As for your babe. It is indeed quite possible that she knew you were different. My daughter could sense when I left the room when she was little. No matter how sneakily I did it, she KNEW. And she can be like a weather vane of how her Mom is. If my daughter is cranky and fussy, ofttimes its her 'stuff', but many times, I can look at myself, and she is reflecting my inner noise...
Its hard with kids, specially sensitive ones.
Its SO GREAT that your in therapy B2 and dealing with this stuff. And as you get educated, you can use stuff your learning on your kids too.

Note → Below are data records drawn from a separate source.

(* If [P'] enters the cluster of [i], the edge by which it first does so joins
   the two clusters; otherwise [P'] ends in the cluster of [j] and [uv] is
   such an edge. *)
Lemma cluster_adj_first_two : cluster_adj e carve i j.
Proof.
have u_i : last (h i) P \in carve i.
  apply: mem_carve => // x x_P; apply/negP => x_taken.
  have xL : x \in L by move: x_P; rewrite /L !inE mem_cat => /orP[->|->]; rewrite ?orbT.
  by have := taken_on_walk xL x_taken (ltnW lt_ij); rewrite ltnn.
have [hit | miss] := boolP (has (mem (carve i)) P').
  have [q [y [pre jq qy y_i no_i]]] := path_find_prefix jP' hit.
  have q_P' : {subset q <= P'}.
    by move=> x x_q; apply: (mem_infix (prefixW pre)); rewrite mem_rcons inE x_q orbT.
  have size_q : size q <= t.
    by apply: leq_trans size_P'; apply: leq_trans (size_prefix pre); rewrite size_rcons.
  have z_j := last_carve_second q_P' jq size_q no_i.
  case/and3P: qy => zy _ _.
  by apply/exists_inP; exists y => //; apply/exists_inP; exists (last (h j) q); rewrite // e_sym.
have v_j := last_carve_second (fun x => id) jP' size_P' miss.
have v_i : last (h j) P' \notin carve i.
  move: (mem_last (h j) P'); rewrite inE => /orP[/eqP -> | v_P'].
    by apply: contra hj_Ci; apply: (subsetP (carve_sub i)).
  exact: hasPn miss _ v_P'.
apply/exists_inP; exists (last (h i) P) => //; apply/exists_inP; exists (last (h j) P') => //.
by case/orP: uv => // /eqP eq_uv; rewrite -eq_uv u_i in v_i.
Qed.

End FirstTwo.

Lemma cluster_adj_first_in i j P P' :
  let N := [set k | has (mem (C k)) (h i :: P ++ h j :: P')] in
  first_in N s i -> first_in (N :\ i) s j -> h j \notin C i ->
  path (induced e (C i)) (h i) P -> size P <= t ->
  path (induced e (C j)) (h j) P' -> size P' <= t ->
  (last (h i) P == last (h j) P') || e (last (h i) P) (last (h j) P') ->
  cluster_adj e carve i j.
Proof.
move=> N /andP[_ /forall_inP first_i] /andP[/setD1P[neq_ji jN] /forall_inP first_j].
have lt_ij : s i < s j by apply: (implyP (first_i j jN)).
apply: cluster_adj_first_two => // k neq_ki neq_kj meets.
by apply: (implyP (first_j k _)); rewrite // !inE neq_ki.
Qed.

End Carving.

Section Packing.
Variables (T : finType) (e : rel T) (kappa t : nat) (F : seq {set T}).
Local Notation n := (size F).
Local Notation C := (fun i : 'I_n => nth set0 F i).
Variable h : 'I_n -> T.
Hypothesis load : forall v, count (fun D : {set T} => v \in D) F <= kappa.

Lemma card_containing_le v : #|[set k : 'I_n | v \in C k]| <= kappa.
Proof. by rewrite (card_nth_count set0 F (fun D => v \in D)). Qed.

Lemma card_meeting_le L : #|[set k : 'I_n | has (mem (C k)) L]| <= size L * kappa.
Proof.
elim: L => [|x L IHL]; first by rewrite leqn0 cards_eq0; apply/eqP/setP => k; rewrite !inE.
have -> : [set k : 'I_n | has (mem (C k)) (x :: L)] =
          [set k | x \in C k] :|: [set k | has (mem (C k)) L].
  by apply/setP => k; rewrite !inE.
by rewrite mulSn (leq_trans (leq_card_setU _ _)) // leq_add ?card_containing_le.
Qed.

Definition central := [set p : 'I_n * 'I_n |
  (p.1 < p.2) && ((h p.2 \in C p.1) || (h p.1 \in C p.2))].

Lemma card_central_le : #|central| <= n * kappa.
Proof.
pose sort (p : 'I_n * 'I_n) := if p.1 < p.2 then p else (p.2, p.1).
pose D := [set p : 'I_n * 'I_n | h p.2 \in C p.1].
have sub : central \subset sort @: D.
  apply/subsetP => -[a b]; rewrite inE /= => /andP[lt_ab /orP[in_a | in_b]]; apply/imsetP.
    by exists (a, b); rewrite /sort ?inE /= ?lt_ab.
  by exists (b, a); rewrite /sort ?inE //= ltnNge ltnW.
apply: leq_trans (subset_leq_card sub) _; apply: leq_trans (leq_imset_card _ _) _.
rewrite (card_pairs (fun a b => h b \in C a)).
apply: (@leq_trans (\sum_(b < n) kappa)); first by apply: leq_sum => b _; apply: card_containing_le.
by rewrite sum_nat_const card_ord.
Qed.

Hypothesis e_sym : symmetric e.
Hypothesis hC : forall i, h i \in C i.
Hypothesis h_radius : forall i v, v \in C i ->
  exists p, [/\ path (induced e (C i)) (h i) p, last (h i) p = v & size p <= t].

Local Notation carve_edges s := (cluster_edges e (carve e t C h s)).

Lemma card_perm_noncentral p : p \in packing_graph_edges e F :\: central ->
  2 * #|{perm 'I_n}| <= #|[set s | p \in carve_edges s]| * (2 * kappa * t.+1) ^ 2.
Proof.
case: p => i j /setDP[]; rewrite !inE /= => /andP[lt_ij adj_ij].
rewrite lt_ij negb_or => /andP[hj_Ci hi_Cj].
case/exists_inP: adj_ij => u uCi /exists_inP[v vCj uv].
have [P [iP uP size_P]] := h_radius uCi.
have [P' [jP' vP' size_P']] := h_radius vCj.
set N := [set k | has (mem (C k)) (h i :: P ++ h j :: P')].
have N_sym : N = [set k | has (mem (C k)) (h j :: P' ++ h i :: P)].
  by apply/setP => k; rewrite !inE -!cat_cons !has_cat orbC.
have iN : i \in N by rewrite inE /= hC.
have jN : j \in N by rewrite inE /= has_cat /= hC !orbT.
have neq_ij : i != j by apply: contraTneq lt_ij => ->; rewrite ltnn.
have size_N : #|N| <= 2 * kappa * t.+1.
  apply: leq_trans (card_meeting_le _) _; rewrite mulnAC leq_mul2r /= size_cat /=.
  by rewrite mul2n -addnn -addSn leq_add ?orbT.
apply: leq_trans (card_first_two_either (S := [set s | (i, j) \in carve_edges s]) iN jN neq_ij _ _) _.
- move=> s first_i first_j; rewrite inE /cluster_edges inE /= lt_ij.
  by apply: cluster_adj_first_in first_i first_j _ _ _ _ _ _ => //; rewrite uP vP'.
- move=> s first_j first_i; rewrite inE /cluster_edges inE /= lt_ij cluster_adj_sym //.
  rewrite N_sym in first_j first_i.
  by apply: cluster_adj_first_in first_j first_i _ _ _ _ _ _ => //; rewrite uP vP' eq_sym e_sym.
- rewrite leq_mul2l expnS expn1; apply/orP; right.
  exact: leq_mul size_N (leq_trans (leq_pred _) size_N).
Qed.
(* Let $C'\subseteq C\subseteq\mathbb{R}^n$ be nonempty polyhedra. Then for every lazy expression $E$, $\mathrm{LB}(E,C')\ge\mathrm{LB}(E,C)$ and $\mathrm{UB}(E,C')\le\mathrm{UB}(E,C)$.
   Context: Lazy (scalar) expressions are generated by $E::=\mathtt{Affine}(w,b)\mid\mathtt{Sum}(\{E_1,\dots,E_k\})\mid\mathtt{Max}(\{E_1,\dots,E_k\})\mid\mathtt{Scale}(c,E)\mid\mathtt{Bias}(b,E)$ ($w\in\mathbb{R}^n$, $b,c\in\mathbb{R}$). A polyhedron is a finite intersection of closed halfspaces. The bounds (values in $\mathbb{R}\cup\{\pm\infty\}$, with $0\cdot(\pm\infty)=0$) are defined recursively: $\mathrm{LB}(\mathtt{Affine}(w,b),C)=\inf_{x\in C}(w^\top x+b)$, $\mathrm{UB}(\mathtt{Affine}(w,b),C)=\sup_{x\in C}(w^\top x+b)$; $\mathrm{LB}/\mathrm{UB}$ of $\mathtt{Sum}$ are the sums of the children's $\mathrm{LB}$/$\mathrm{UB}$; $\mathrm{LB}(\mathtt{Scale}(c,E),C)=c\,\mathrm{LB}(E,C)$ if $c\ge0$ and $c\,\mathrm{UB}(E,C)$ if $c<0$, $\mathrm{UB}(\mathtt{Scale}(c,E),C)=c\,\mathrm{UB}(E,C)$ if $c\ge0$ and $c\,\mathrm{LB}(E,C)$ if $c<0$; $\mathrm{LB}/\mathrm{UB}(\mathtt{Bias}(b,E),C)=\mathrm{LB}/\mathrm{UB}(E,C)+b$; $\mathrm{LB}(\mathtt{Max}(\{E_i\}),C)=\max_i\mathrm{LB}(E_i,C)$, $\mathrm{UB}(\mathtt{Max}(\{E_i\}),C)=\max_i\mathrm{UB}(E_i,C)$. *)

From HB Require Import structures.
From mathcomp Require Import all_boot all_order all_algebra.
From mathcomp Require Import all_classical all_reals.
From mathcomp Require Import ereal.

Set Implicit Arguments.
Unset Strict Implicit.
Unset Printing Implicit Defensive.

Import Order.TTheory GRing.Theory Num.Theory.
Local Open Scope classical_set_scope.
Local Open Scope ring_scope.

Definition dotv (R : realType) (n : nat) (w x : 'rV[R]_n) : R :=
  \sum_(i < n) w 0 i * x 0 i.

Definition polyhedron (R : realType) (n : nat) (C : set 'rV[R]_n) : Prop :=
  exists hs : seq ('rV[R]_n * R),
    C = [set x | forall h, h \in hs -> dotv h.1 x <= h.2].

(* Lazy (scalar) expressions.  Sum and Max take finite families of children;
   Max takes a nonempty family (first child plus a list of further children). *)
Inductive lexpr (R : realType) (n : nat) : Type :=
| Affine of 'rV[R]_n & R
| Sum of seq (lexpr R n)
| Max of lexpr R n & seq (lexpr R n)
| Scale of R & lexpr R n
| Bias of R & lexpr R n.

Local Open Scope ereal_scope.

(* bounds E C = (LB(E,C), UB(E,C)) in \bar R, defined recursively as in the paper.
   In \bar R, 0 * (+-oo) = 0, matching the paper's convention. *)
Fixpoint bounds (R : realType) (n : nat) (C : set 'rV[R]_n) (e : lexpr R n)
  : \bar R * \bar R :=
  match e with
  | Affine w b =>
      (ereal_inf [set ((dotv w x + b)%R)%:E | x in C],
       ereal_sup [set ((dotv w x + b)%R)%:E | x in C])
  | Sum es =>
      (\sum_(p <- map (bounds C) es) p.1, \sum_(p <- map (bounds C) es) p.2)
  | Max e0 es =>
      (\big[maxe/-oo]_(p <- map (bounds C) (e0 :: es)) p.1,
       \big[maxe/-oo]_(p <- map (bounds C) (e0 :: es)) p.2)
  | Scale c e1 =>
      let p := bounds C e1 in
      if (0 <= c)%R then (c%:E * p.1, c%:E * p.2) else (c%:E * p.2, c%:E * p.1)
  | Bias b e1 =>
      let p := bounds C e1 in (p.1 + b%:E, p.2 + b%:E)
  end.

Definition LB (R : realType) (n : nat) (e : lexpr R n) (C : set 'rV[R]_n) : \bar R :=
  (bounds C e).1.
Definition UB (R : realType) (n : nat) (e : lexpr R n) (C : set 'rV[R]_n) : \bar R :=
  (bounds C e).2.

From HB Require Import structures.
From mathcomp Require Import all_boot all_order all_algebra.
From mathcomp Require Import all_classical all_reals.
From mathcomp Require Import ereal.
From Stdlib Require List.
Import Order.TTheory GRing.Theory Num.Theory.
Local Open Scope classical_set_scope.
Local Open Scope ereal_scope.

(* Shrinking C raises the infimum and lowers the supremum of an affine
   function over it.  Every other constructor combines the children's bounds
   by operations that are monotone in each argument (sum, max, bias, scaling
   by c >= 0), or antitone for scaling by c < 0, which is exactly why LB and
   UB are swapped there; so the claim follows by structural induction on E. *)

Lemma lexpr_nested_ind (R : realType) (n : nat) (P : lexpr R n -> Prop) :
  (forall w b, P (Affine w b)) ->
  (forall es, List.Forall P es -> P (Sum es)) ->
  (forall e0 es, List.Forall P (e0 :: es) -> P (Max e0 es)) ->
  (forall c e, P e -> P (Scale c e)) ->
  (forall b e, P e -> P (Bias b e)) ->
  forall e, P e.
Proof.
(* The recursion over the child lists is done inside each case, so that the
   guard checker sees IH applied only to subterms of e. *)
move=> PA PS PM PSc PB; fix IH 1.
case=> [w b|es|e0 es|c e|b e].
- exact: PA.
- apply: PS; elim: es => [|e es IHes]; constructor => //; exact: IH.
- apply/PM/List.Forall_cons; first exact: IH.
  elim: es => [|e es IHes]; constructor => //; exact: IH.
- exact/PSc/IH.
- exact/PB/IH.
Qed.

Lemma le_big_Forall d (T : porderType d) (op : T -> T -> T) (idx : T)
    (I : Type) (s : seq I) (F G : I -> T) :
  (forall x x' y y', (x <= x')%O -> (y <= y')%O -> (op x y <= op x' y')%O) ->
  List.Forall (fun i => F i <= G i)%O s ->
  (\big[op/idx]_(i <- s) F i <= \big[op/idx]_(i <- s) G i)%O.
Proof.
move=> op_mono; elim=> [|i s' FGi _ IH]; first by rewrite !big_nil.
by rewrite !big_cons; apply: op_mono.
Qed.

Lemma lee_wnmul2l (R : realDomainType) (x : \bar R) :
  x <= 0 -> {homo *%E x : y z / y <= z >-> z <= y}.
Proof.
move=> x_le0 y z yz; rewrite -(oppeK x) (mulNe (- x) y) (mulNe (- x) z) leeN2.
by apply: lee_wpmul2l yz; rewrite oppe_ge0.
Qed.

Lemma LB_UB_subset (R : realType) (n : nat) (C' C : set 'rV[R]_n) :
  C' `<=` C -> forall e : lexpr R n, LB e C <= LB e C' /\ UB e C' <= UB e C.
Proof.
move=> C'C e; rewrite /LB /UB.
elim/lexpr_nested_ind: e => [w b|es|e0 es|c e|b e] /=.
- by split; [apply: ereal_inf_le_tmp | apply: ereal_sup_le];
    apply: image_subset.
- move=> /List.Forall_and_inv[IH1 IH2]; rewrite !big_map.
  by split; [apply: le_big_Forall _ IH1 | apply: le_big_Forall _ IH2];
    move=> *; apply: leeD.
- move=> /List.Forall_and_inv[IH1 IH2]; rewrite -!map_cons !big_map.
  by split; [apply: le_big_Forall _ IH1 | apply: le_big_Forall _ IH2];
    move=> *; apply: le_max2.
- move=> [IH1 IH2]; case: ifP => c_ge0 /=.
    by split; apply: lee_wpmul2l; rewrite ?lee_fin.
  have c_le0 : (c <= 0)%R by apply/ltW; rewrite ltNge c_ge0.
  by split; apply: lee_wnmul2l; rewrite ?lee_fin.
- by move=> [IH1 IH2]; split; apply: leeD2r.
Qed.

Theorem mainTheorem7 (R : realType) (n : nat) (C' C : set 'rV[R]_n) :
  polyhedron C' -> polyhedron C -> C' !=set0 -> C !=set0 -> C' `<=` C ->
  forall E : lexpr R n, LB E C <= LB E C' /\ UB E C' <= UB E C.
Proof. by move=> _ _ _ _; apply: LB_UB_subset. Qed.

> BUT after my nap, i felt better (like myself). and little girl lit up when she saw me. really happy. and we played and she ate from me like normal. it was a weird experience...
> anyone else with DD or DID experience this with their IRL kids??
>
> ok...sorry been gone sooo long. i'm gonna try to be back and try to be helpful.
> love you all.
> b2c.

*((( B2 )))
I am so glad you popped in! Don't worry bout being supportive. You write so well. When I read your posts it validates my own stuff so much and is very helpful to me.
Thank you for that.
I hope my stuff helps you? If not I can change what i write. I want to be helpful to you. Lemme know whats best for you too!
Take good care of yourself.
M

 

Re: back briefly...and weird kid experience. » B2chica

Posted by Poet on January 8, 2008, at 11:51:18

In reply to back briefly...and weird kid experience., posted by B2chica on January 8, 2008, at 8:24:58

Hi B2Chica,

Glad you're back and that your IRL little girl lit up when she saw you. I would have needed a nap after that therapy session, too, it sounds like your inner little one really let it out, which is good. I thnk she deserves to have her say.